Fancy ways to use the Unix find
command
-exec
The -exec directive is very powerful. It is a very fast and efficient way for performing some action on a very specific subset of files. The basic format is:
find . -name "*temp" -exec rm -v '{}' \;
This command removes all files in the current directory or its subdirectories that end with "temp". The {} is where each of the found files gets substituted into the exec clause’s command. The \; is where the exec clause command ends.
In especially gruesome cases, you may have 631351 directories in
/tmp
. This can be tricky because getting rid of them can be hard
because of the shell’s globbing limit — too many file names. The
scary answer is to use pretty much the exact command above but with
the rm
taking the options -rv
. Think very hard about what you’re
doing if you need to do that!
Here’s something Mac people should have on a cron job every minute.
find / -iname ".DS_Store" -exec rm -v '{}' \;
Avoiding -exec
Here’s an example of a way to send each result off to a Bash loop:
find . -type f | while read X; do wc -c $X; done | sort -n
This pipes the output of find
(a bunch of file names that are found)
to a Bash while
loop which reads each into a variable X
to do with
what you want, in this case it does a word count by character and then
sorts them numerically. This one way to find large files.
Here’s another way which uses xargs
. This example comes from
some Gentoo updating script.
find . -type d | xargs chmod 0755; find . -type f | xargs chmod 0644;
Dates
This post is a very good explanation of how to use find with dates.
-
+n - Match files older than n 24hr periods ago.
-
-n - Match files newer than n 24hr periods ago.
-
n - Match files from the 24 hour period exactly n 24hr periods ago.

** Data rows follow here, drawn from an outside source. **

Definition alloc_welfare (n : nat) (v : 'I_n -> {set 'I_m} -> R)
  (X : {ffun 'I_n -> option {set 'I_m}}) : R :=
  \sum_(i < n) optval (v i) (X i).

Definition OPT (n : nat) (coll : 'I_n -> {set {set 'I_m}})
  (v : 'I_n -> {set 'I_m} -> R) : R :=
  \big[Num.max/0]_(X : {ffun 'I_n -> option {set 'I_m}} | feasible_alloc coll X)
     alloc_welfare v X.

End Auction.

From HB Require Import structures.
From mathcomp Require Import all_boot all_order all_algebra.
From mathcomp Require Import lra.
From Stdlib Require Import Classical.
Set Implicit Arguments. Unset Strict Implicit. Unset Printing Implicit Defensive.
Import Order.TTheory GRing.Theory Num.Theory.
Local Open Scope ring_scope.

(* Assume, for a contradiction, that M is rho-approximate, rho := (1 - delta) d,
   on every instance whose demanded sets have at most d goods.  Everything is
   decided in the very first round, whose priority order is a fixed order on all
   elementary bids (the history is empty).
   1. A lone bid with positive value must be accepted: rejecting it yields
      welfare 0 against a positive optimum.
   2. For one bidder j and a set U, the bid (j, U, 1) precedes every bid
      (j, T, W) with T <> U and 0 < W < 1.  Declaring U at 1 and T at a tiny
      eps wins U (winning T would earn only eps, too little); by truthfulness
      the true type (1 on U, W on T) must then also win value 1, but if
      (j, T, W) came first it would win T, worth W < 1.
   3. Take U = the first d goods and d bidders, bidder j demanding U (value 1)
      or the single good j (value W = 1/(1+delta)).  By 2 some bid on U comes
      first, is accepted by 1, and blocks every other bid: the welfare is 1
      whereas OPT >= d W > (1 - delta) d. *)

Section Execution.
Variables (m : nat) (R : realFieldType).
Implicit Types (r : rel (bid m R)) (s : seq (bid m R)).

Here’s a little script to rotate files (i.e. delete old ones):
#!/bin/bash DAYS_TO_KEEP=7 find /data/surveillance -name '*.jpg' -and \ -ctime +${DAYS_TO_KEEP} \ -exec rm '{}' \;
Put that in a cron job every day to keep unwanted files from building up.

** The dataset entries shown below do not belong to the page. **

(* Let $q$ be a prime power, let $X^2+\mu X+\lambda$ be a primitive polynomial over $\mathbb F_q$, let $\bar x\in PGL_2(q)$ be the image of $\begin{pmatrix}0&1\\-\lambda&-\mu\end{pmatrix}$, $C=\langle\bar x\rangle$, and let $S\le PGL_2(q)$ be the image of the invertible upper triangular matrices. For the right action of $S$ on $C$ defined by $cs=s'c^{[s]}$ ($s'\in S$, $c^{[s]}\in C$), the stabilizer $\mathrm{Stab}_S(\bar x)=\{s\in S:\bar x^{[s]}=\bar x\}$ is isomorphic to the cyclic group $\mathbb Z_{q-1}$.
   Context: $PGL_2(q)=CS$ with $C\cap S=1$, so each product $cs$ ($c\in C$, $s\in S$) is uniquely $s'c'$ with $s'\in S$, $c'\in C$; $c^{[s]}:=c'$. *)

From HB Require Import structures.
From mathcomp Require Import all_boot all_order all_algebra all_fingroup all_solvable all_field.
From mathcomp Require Export qfpoly.
Set Implicit Arguments. Unset Strict Implicit. Unset Printing Implicit Defensive.
Import GRing.Theory.

Local Open Scope group_scope.

Section PGL2.
Variable F : finFieldType.

Definition GL2 := {'GL_2[F]}.

Definition scalarGL : {set GL2} := [set g : GL2 | is_scalar_mx (GLval g)].

Definition PGL2 := coset_of scalarGL.
Definition pgl (g : GL2) : PGL2 := coset scalarGL g.

(* an invertible matrix as an element of GL_2 (identity if not invertible) *)
Definition gl_of (M : 'M[F]_2) : GL2 := insubd (1 : GL2) M.

(* the image of the companion matrix [[0,1],[-lam,-mu]] *)
Definition xbar (mu lam : F) : PGL2 :=
  pgl (gl_of (\matrix_(i < 2, j < 2)
      (if i == 0 :> nat then (if j == 0 :> nat then 0 else 1)%R
       else (if j == 0 :> nat then - lam else - mu)%R))).

Definition Cgrp (mu lam : F) : {set PGL2} := <[xbar mu lam]>.

Definition Sgrp : {set PGL2} := pgl @: [set g : GL2 | GLval g ord_max ord0 == 0%R].

(* c^[s] : the C-component c' of the unique factorization c s = s' c' *)
Definition bracket (mu lam : F) (c s : PGL2) : PGL2 :=
  odflt 1 [pick c' in Cgrp mu lam | (c * s) \in Sgrp :* c'].

Definition StabS (mu lam : F) : {set PGL2} :=
  [set s in Sgrp | bracket mu lam (xbar mu lam) s == xbar mu lam].

End PGL2.

Local Open Scope ring_scope.

From HB Require Import structures.
From mathcomp Require Import all_boot all_order all_algebra all_fingroup all_solvable all_field.
From mathcomp Require Import ring.
Set Implicit Arguments. Unset Strict Implicit. Unset Printing Implicit Defensive.
Import GRing.Theory.

(* Since C meets S trivially, s stabilises xbar exactly when xbar s xbar^-1
   lies in S. For an upper triangular s = [[a, b], [0, d]] this is one linear
   condition mu a - lam b - mu d = 0, so modulo scalars s is the matrix
   [[u, beta (u - 1)], [0, 1]] with beta = mu / lam and u in F^*. These
   matrices form a copy of the multiplicative group F^*, which is cyclic of
   order q - 1. Primitivity of the polynomial is only used to get lam != 0. *)

Local Open Scope ring_scope.

Section Matrix2.
Variable R : pzRingType.

Definition mx2 (a b c d : R) : 'M[R]_2 := \matrix_(i < 2, j < 2)
  (if i == 0 :> nat then (if j == 0 :> nat then a else b)
   else (if j == 0 :> nat then c else d)).

Lemma mx2_eta (A : 'M[R]_2) : A = mx2 (A 0 0) (A 0 1) (A 1 0) (A 1 1).
Proof.
apply/matrixP => -[[|[|//]] ?] [[|[|//]] ?]; rewrite mxE /=.
all: by congr (A _ _); apply: val_inj.
Qed.

Lemma mx2_00 a b c d : mx2 a b c d 0 0 = a. Proof. by rewrite mxE. Qed.
Lemma mx2_01 a b c d : mx2 a b c d 0 1 = b. Proof. by rewrite mxE. Qed.
Lemma mx2_10 a b c d : mx2 a b c d 1 0 = c. Proof. by rewrite mxE. Qed.
Lemma mx2_11 a b c d : mx2 a b c d 1 1 = d. Proof. by rewrite mxE. Qed.

Lemma mulmx2 a b c d a' b' c' d' : mx2 a b c d *m mx2 a' b' c' d' =
  mx2 (a * a' + b * c') (a * b' + b * d') (c * a' + d * c') (c * b' + d * d').
Proof.
apply/matrixP => -[[|[|//]] ?] [[|[|//]] ?].
all: by rewrite !mxE !big_ord_recl big_ord0 !mxE /= addr0.
Qed.

Lemma mulmx2E (A B : 'M[R]_2) i j : (A *m B) i j = A i 0 * B 0 j + A i 1 * B 1 j.
Proof.
rewrite mxE !big_ord_recl big_ord0 addr0 /=.
by congr (_ + A i _ * B _ j); apply: val_inj.
Qed.

Lemma scale_mx2 k a b c d : k *: mx2 a b c d = mx2 (k * a) (k * b) (k * c) (k * d).
Proof. by apply/matrixP => -[[|[|//]] ?] [[|[|//]] ?]; rewrite !mxE. Qed.

Lemma scalar_mx2 a : a%:M = mx2 a 0 0 a.
Proof. by apply/matrixP => -[[|[|//]] ?] [[|[|//]] ?]; rewrite !mxE. Qed.

End Matrix2.

Section ProjectiveGroup.
Variable F : finFieldType.

Lemma gl_ofE (M : 'M[F]_2) : M \in unitmx -> GLval (gl_of M) = M.
Proof. by move=> uM; rewrite /gl_of val_insubd uM. Qed.

Lemma gl_ofK (g : GL2 F) : gl_of (GLval g) = g.
Proof. by apply: val_inj; rewrite /= gl_ofE //; case: g. Qed.

Lemma gl_ofM (A B : 'M[F]_2) : A \in unitmx -> B \in unitmx ->
  (gl_of A * gl_of B)%g = gl_of (A *m B).
Proof.
move=> uA uB; apply: val_inj.
change (GLval (gl_of A * gl_of B)%g = GLval (gl_of (A *m B))).
by rewrite GL_ME !gl_ofE ?unitmx_mul ?uA.
Qed.

Lemma scalarGL_group_set : group_set (scalarGL F).
Proof.
apply/group_setP; split; first by rewrite inE GL_1E; apply/is_scalar_mxP; exists 1.
move=> x y; rewrite !inE GL_ME => /is_scalar_mxP[a ->] /is_scalar_mxP[b ->].
by apply/is_scalar_mxP; exists (a * b); rewrite -mulmxE -scalar_mxM.
Qed.
Canonical scalarGL_group := Group scalarGL_group_set.

Lemma scalarGL_norm (g : GL2 F) : g \in 'N(scalarGL F)%g.
Proof.
rewrite inE; apply/subsetP => y /imsetP[z]; rewrite inE => /is_scalar_mxP[a za] ->.
rewrite inE conjgE !GL_ME za -!mulmxE -scalar_mxC mulmxA mulmxE -GL_ME mulVg GL_1E mul1r.
by apply/is_scalar_mxP; exists a.
Qed.

Lemma pglM (g h : GL2 F) : pgl (g * h)%g = (pgl g * pgl h)%g.
Proof. by rewrite /pgl coset_morphM ?scalarGL_norm. Qed.

Lemma pglV (g : GL2 F) : pgl g^-1%g = (pgl g)^-1%g.
Proof. by rewrite /pgl morphV ?scalarGL_norm. Qed.

Lemma pglX (g : GL2 F) k : pgl (g ^+ k)%g = (pgl g ^+ k)%g.
Proof. by rewrite /pgl morphX ?scalarGL_norm. Qed.

Lemma pgl_eq1 (g : GL2 F) : (pgl g == 1%g) = is_scalar_mx (GLval g).
Proof.
apply/eqP/idP => [g1 | g_sc]; last by rewrite /pgl coset_id // inE.
by have := coset_idr (H := scalarGL_group) (scalarGL_norm g) g1; rewrite inE.
Qed.

Lemma pgl1 : pgl 1%g = 1%g :> PGL2 F.
Proof. by apply/eqP; rewrite pgl_eq1 GL_1E; apply/is_scalar_mxP; exists 1. Qed.

Lemma pgl_scalar (a : F) : a != 0 -> pgl (gl_of a%:M) = 1%g.
Proof.
move=> a0; apply/eqP; rewrite pgl_eq1 gl_ofE; first by apply/is_scalar_mxP; exists a.
by rewrite unitmxE det_scalar unitfE expf_neq0.
Qed.

Lemma pgl_surj (y : PGL2 F) : exists g, y = pgl g.
Proof. by case: (cosetP y) => g _ ->; exists g. Qed.

Lemma pgl_eq_scalar (g h : GL2 F) :
  pgl g = pgl h -> exists c, GLval g = c%:M *m GLval h.
Proof.
move=> e; have /eqP : pgl (g * h^-1)%g = 1%g by rewrite pglM pglV e mulgV.
rewrite pgl_eq1 GL_ME => /is_scalar_mxP[c hc]; exists c.
by rewrite -hc -mulmxE -mulmxA mulmxE -GL_ME mulVg GL_1E mulr1.
Qed.

Lemma pgl_Sgrp (g : GL2 F) : (pgl g \in Sgrp F) = (GLval g 1 0 == 0).
Proof.
have -> : GLval g 1 0 = GLval g ord_max ord0 by congr (GLval g _ _); apply: val_inj.
rewrite /Sgrp; apply/imsetP/idP => [[h] | g10]; last by exists g; rewrite ?inE.
rewrite inE => /eqP h10 /pgl_eq_scalar[c ->].
by rewrite mul_scalar_mx mxE h10 mulr0.
Qed.

Lemma GL_upper_diag_neq0 (g : GL2 F) : GLval g 1 0 = 0 ->
  (GLval g 0 0 != 0) && (GLval g 1 1 != 0).
Proof.
move=> g10; have e11 := congr1 (fun M : 'M[F]_2 => M 1 1) (congr1 GLval (mulgV g)).
have e00 := congr1 (fun M : 'M[F]_2 => M 0 0) (congr1 GLval (mulVg g)).
move: e11 e00; rewrite !GL_ME GL_1E -!mulmxE !mulmx2E g10 !mxE /= mul0r add0r mulr0 addr0.
move=> e11 e00; apply/andP; split; apply/eqP => z.
  by move: e00; rewrite z mulr0 => /eqP; rewrite eq_sym oner_eq0.
by move: e11; rewrite z mul0r => /eqP; rewrite eq_sym oner_eq0.
Qed.

Lemma Sgrp_group_set : group_set (Sgrp F).
Proof.
apply/group_setP; split; first by rewrite -pgl1 pgl_Sgrp GL_1E mxE.
move=> y z; case: (pgl_surj y) => g ->; case: (pgl_surj z) => h ->.
rewrite -pglM !pgl_Sgrp GL_ME -mulmxE mulmx2E => /eqP-> /eqP->.
by rewrite mul0r mulr0 addr0.
Qed.
Canonical Sgrp_group := Group Sgrp_group_set.

End ProjectiveGroup.

Section Stabilizer.
Variables (F : finFieldType) (mu lam : F).
Hypothesis lam_neq0 : lam != 0.

Definition companion := mx2 0 1 (- lam) (- mu).
Definition companion_inv := mx2 (- mu / lam) (- 1 / lam) 1 0.

Lemma companionK : companion *m companion_inv = 1%:M.
Proof. by rewrite mulmx2 scalar_mx2; congr mx2; field. Qed.

Lemma companion_unit : companion \in unitmx.
Proof. by case: (mulmx1_unit companionK). Qed.

Lemma companion_inv_unit : companion_inv \in unitmx.
Proof. by case: (mulmx1_unit companionK). Qed.

Lemma xbarE : xbar mu lam = pgl (gl_of companion).
Proof. by []. Qed.

Lemma xbarV : (xbar mu lam)^-1%g = pgl (gl_of companion_inv).
Proof.
rewrite xbarE -pglV; congr pgl; apply/eqP; rewrite eq_invg_mul gl_ofM ?companion_unit
  ?companion_inv_unit // companionK.
apply/eqP/val_inj; change (GLval (gl_of 1%:M) = GLval (1 : GL2 F)%g).
by rewrite gl_ofE ?unitmx1 // GL_1E.
Qed.

(* The powers of the companion matrix lie in the commutative algebra F[x]
   spanned by 1 and x. *)
Lemma companion_expg k : exists a b : F,
  GLval (gl_of companion ^+ k)%g = mx2 a b (- lam * b) (a - mu * b).
Proof.
elim: k => [|k [a [b IH]]].
  exists 1, 0; rewrite expg0 GL_1E.
  by apply: etrans (scalar_mx2 1) _; congr mx2; ring.
exists (- lam * b), (a - mu * b).
by rewrite expgS GL_ME gl_ofE ?companion_unit // IH -mulmxE mulmx2; congr mx2; ring.
Qed.

Lemma Cgrp_Sgrp_trivial y : y \in Cgrp mu lam -> y \in Sgrp F -> y = 1%g.
Proof.
case/cycleP => k ->; rewrite xbarE -pglX pgl_Sgrp.
case: (companion_expg k) => a [b xk]; rewrite xk mx2_10 mulNr oppr_eq0 mulf_eq0.
rewrite (negbTE lam_neq0) => /eqP b0; apply/eqP; rewrite pgl_eq1.
by apply/is_scalar_mxP; exists a; rewrite xk scalar_mx2 b0; congr mx2; ring.
Qed.

Lemma xbar_neq1 : xbar mu lam != 1%g.
Proof.
rewrite xbarE pgl_eq1 gl_ofE ?companion_unit //; apply/is_scalar_mxP => -[a].
by move/matrixP/(_ 0 1); rewrite mx2_01 mxE /= => /eqP; rewrite oner_eq0.
Qed.

(* The pick in [bracket] always succeeds at c = xbar when xbar s xbar^-1 is
   in S, and by the trivial intersection it can only return xbar then. *)
Lemma mem_StabS s : (s \in StabS mu lam) =
  (s \in Sgrp F) && (xbar mu lam * s * (xbar mu lam)^-1 \in Sgrp F)%g.
Proof.
set x := xbar mu lam; rewrite /StabS inE; case sS: (s \in Sgrp F) => //=.
rewrite /bracket; case: pickP => [c /andP[Cc] | none] /=.
  rewrite mem_rcoset => xsc; apply/eqP/idP => [cx | xsx]; first by rewrite cx in xsc.
  apply/eqP; rewrite eq_sym eq_mulgV1; apply/eqP; apply: Cgrp_Sgrp_trivial.
    by rewrite groupM ?groupV ?cycle_id.
  have -> : (x * c^-1 = (x * s * x^-1)^-1 * (x * s * c^-1))%g.
    by rewrite !invMg invgK !mulgA !mulgKV.
  by rewrite (@groupM _ (Sgrp_group F)) ?(@groupV _ (Sgrp_group F)).
rewrite eq_sym (negbTE xbar_neq1); apply/esym/negbTE/negP => xsx.
by have := none x; rewrite /Cgrp cycle_id mem_rcoset xsx.
Qed.

Lemma conj_xbar_Sgrp (g : GL2 F) : GLval g 1 0 = 0 ->
  (xbar mu lam * pgl g * (xbar mu lam)^-1 \in Sgrp F)%g =
  (mu * GLval g 0 0 - lam * GLval g 0 1 - mu * GLval g 1 1 == 0).
Proof.
move=> g10; rewrite xbarV xbarE -!pglM pgl_Sgrp !GL_ME !gl_ofE ?companion_unit
  ?companion_inv_unit // -!mulmxE [GLval g]mx2_eta g10 !mulmx2.
by rewrite !(mx2_00, mx2_01, mx2_10, mx2_11); congr (_ == _); field.
Qed.

Definition beta := mu / lam.

(* The affine maps z |-> u z + beta (u - 1), i.e. those fixing -beta. *)
Definition affine_mx (u : F) := mx2 u (beta * (u - 1)) 0 1.

Lemma affine_mxM u v : affine_mx u *m affine_mx v = affine_mx (u * v).
Proof. by rewrite mulmx2; congr mx2; ring. Qed.

Lemma affine_mx_unit u : u != 0 -> affine_mx u \in unitmx.
Proof.
move=> u0; have inv : affine_mx u *m mx2 u^-1 (- (beta * (u - 1)) * u^-1) 0 1 = 1%:M.
  by rewrite mulmx2 scalar_mx2; congr mx2; field.
by case: (mulmx1_unit inv).
Qed.

Definition affine_pgl (a : {unit F}) : PGL2 F := pgl (gl_of (affine_mx (val a))).

Lemma affine_pglE (a : {unit F}) :
  GLval (gl_of (affine_mx (val a))) = affine_mx (val a).
Proof. by rewrite gl_ofE // affine_mx_unit // -unitfE (valP a). Qed.

Lemma affine_pglM : {in [set: {unit F}] &, {morph affine_pgl : a b / a * b}}%g.
Proof.
move=> a b _ _; rewrite /affine_pgl -pglM.
by rewrite gl_ofM ?affine_mx_unit -?unitfE ?(valP a) ?(valP b) // affine_mxM.
Qed.
Canonical affine_pgl_morphism := Morphism affine_pglM.

Lemma affine_pgl_injm : ('injm affine_pgl_morphism)%g.
Proof.
apply/injmP => a b _ _ /pgl_eq_scalar[c]; rewrite !affine_pglE mul_scalar_mx.
move/matrixP => E; have := E 1 1; have := E 0 0; rewrite !mxE /= mulr1 => e0 e1.
by apply: val_inj; rewrite /= e0 -e1 mul1r.
Qed.

Lemma upper_mx2_affine (a b d : F) : d != 0 -> mu * a - lam * b - mu * d = 0 ->
  mx2 a b 0 d = d *: affine_mx (a / d).
Proof.
move=> d0 cond; have bE : b = (mu * a - mu * d) / lam.
  by apply: (mulIf lam_neq0); rewrite mulfVK // -[RHS]subr0 -cond; ring.
by rewrite /affine_mx /beta scale_mx2 bE; congr mx2; field; rewrite ?d0 ?lam_neq0.
Qed.

Lemma stab_upper_affine (g : GL2 F) : GLval g 1 0 = 0 ->
  mu * GLval g 0 0 - lam * GLval g 0 1 - mu * GLval g 1 1 = 0 ->
  exists2 u, u != 0 & pgl g = pgl (gl_of (affine_mx u)).
Proof.
move=> g10 cond; case/andP: (GL_upper_diag_neq0 g10) => a0 d0.
have u0 : GLval g 0 0 / GLval g 1 1 != 0 by rewrite mulf_neq0 ?invr_eq0.
exists (GLval g 0 0 / GLval g 1 1) => //.
have dU : ((GLval g 1 1)%:M : 'M[F]_2) \in unitmx.
  by rewrite unitmxE det_scalar unitfE expf_neq0.
have gE : GLval g = (GLval g 1 1)%:M *m affine_mx (GLval g 0 0 / GLval g 1 1).
  by rewrite mul_scalar_mx -(upper_mx2_affine d0 cond) [LHS]mx2_eta g10.
rewrite -[g in pgl g]gl_ofK [X in pgl (gl_of X) = _]gE -gl_ofM ?affine_mx_unit //.
by rewrite pglM pgl_scalar ?mul1g.
Qed.

Lemma StabS_affine : StabS mu lam = (affine_pgl_morphism @* [set: {unit F}])%g.
Proof.
rewrite morphimEdom; apply/setP => s; apply/idP/imsetP => [|[a _ ->]]; last first.
  rewrite mem_StabS pgl_Sgrp affine_pglE mx2_10 eqxx conj_xbar_Sgrp affine_pglE ?mx2_10 //.
  by rewrite mx2_00 mx2_01 mx2_11 /beta; apply/eqP; field.
case: (pgl_surj s) => g ->; rewrite mem_StabS pgl_Sgrp => /andP[/eqP g10].
rewrite conj_xbar_Sgrp // => /eqP cond.
have [u u0 ->] := stab_upper_affine g10 cond.
have uU : u \is a GRing.unit by rewrite unitfE.
by exists (FinRing.Unit uU); rewrite ?inE.
Qed.

Lemma StabS_cyclic : cyclic (StabS mu lam).
Proof. by rewrite StabS_affine morphim_cyclic ?field_unit_group_cyclic. Qed.

Lemma card_StabS : #|StabS mu lam| = #|F|.-1.
Proof.
by rewrite StabS_affine card_injm ?affine_pgl_injm ?subsetT ?card_finField_unit.
Qed.

End Stabilizer.

Lemma primitive_quadratic_const_neq0 (F : finFieldType) (mu lam : F) :
  primitive_poly ('X^2 + mu *: 'X + lam%:P) -> lam != 0.
Proof.
case/primitive_polyP => -[[_ irr] _] _ _; apply/negP => /eqP l0.
have dvdX : ('X - 0%:P) %| 'X^2 + mu *: 'X + lam%:P.
  by rewrite -root_factor_theorem rootE !hornerE l0 expr2 mul0r addr0.
have size_X : size ('X - 0%:P : {poly F}) != 1%N by rewrite size_XsubC.
have := eqp_size (irr _ size_X dvdX).
rewrite size_XsubC l0 polyC0 addr0 size_polyDl ?size_polyXn //.
by rewrite (leq_ltn_trans (size_scale_leq _ _)) // size_polyX.
Qed.

Theorem mainTheorem5 (F : finFieldType) (q : nat) (hq : #|F| = q) (mu lam : F)
  (hprim : primitive_poly ('X^2 + mu *: 'X + lam%:P)%R) :
  StabS mu lam \isog Zp q.-1.
Proof.
have lam0 := primitive_quadratic_const_neq0 hprim.
have /cyclicP[s Es] := StabS_cyclic mu lam0.
rewrite Es isog_sym (_ : q.-1 = #[s]%g); first exact: Zp_isog.
by rewrite /order -Es card_StabS // hq.
Qed.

Just to be clear here’s some more examples.
$ date
Mon Mar 28 22:16:03 UTC 2016
$ find . -mtime +7 -and -type d -exec ls -d '{}' \; | sort | tail -n5
./20160315
./20160316
./20160317
./20160318
./20160319
$ find . -mtime 7 -and -type d -exec ls -d '{}' \;
./20160320
$ find . -mtime -7 -and -type d -exec ls -d '{}' \; | sort | head -n6
.
./20160321
./20160322
./20160323
./20160324
./20160325
If you want everything on the day exactly a week ago and everything before, just adjust the number down to +6. To get everything on the day exactly a week ago and all the stuff since adjust the number up to -8.
If you need to match files based on their age relative to something
else in the file system, consider -newer
, -anewer
, and -cnewer
.
And for short term work, -[acm]min
.
To match specific dates, i.e. not time ranges anchored around the
current time, see if the find
man page mentions -newerXY
Grab Today’s Photos From The Camera
This happens a lot where I take a bunch of pictures today for some project and I want all those photos in one directory. This grabs everything with am mtime of less than 1 and puts it somewhere else.
find . -mtime -1 -exec sh -c 'mv -v $(basename $0) /newpat/$(basename $0)' {} \;
A bit baroque but works fine.
Find Most Stale/Recent Old/New Directories/Files
Often I’m working on a complex project with millions of files and versions and I come back to it after a month and can’t remember which files were the most recently worked on. Another useful situation is if you have some user accounts and you want to know who has not touched the account for a long time.
N=500
for D in $(find . -maxdepth 1 -type d -mtime +$N); do \
test $(find $D -type f -mtime -$N -print -quit) || echo $D; done
Here’s the newest files in the directory tree.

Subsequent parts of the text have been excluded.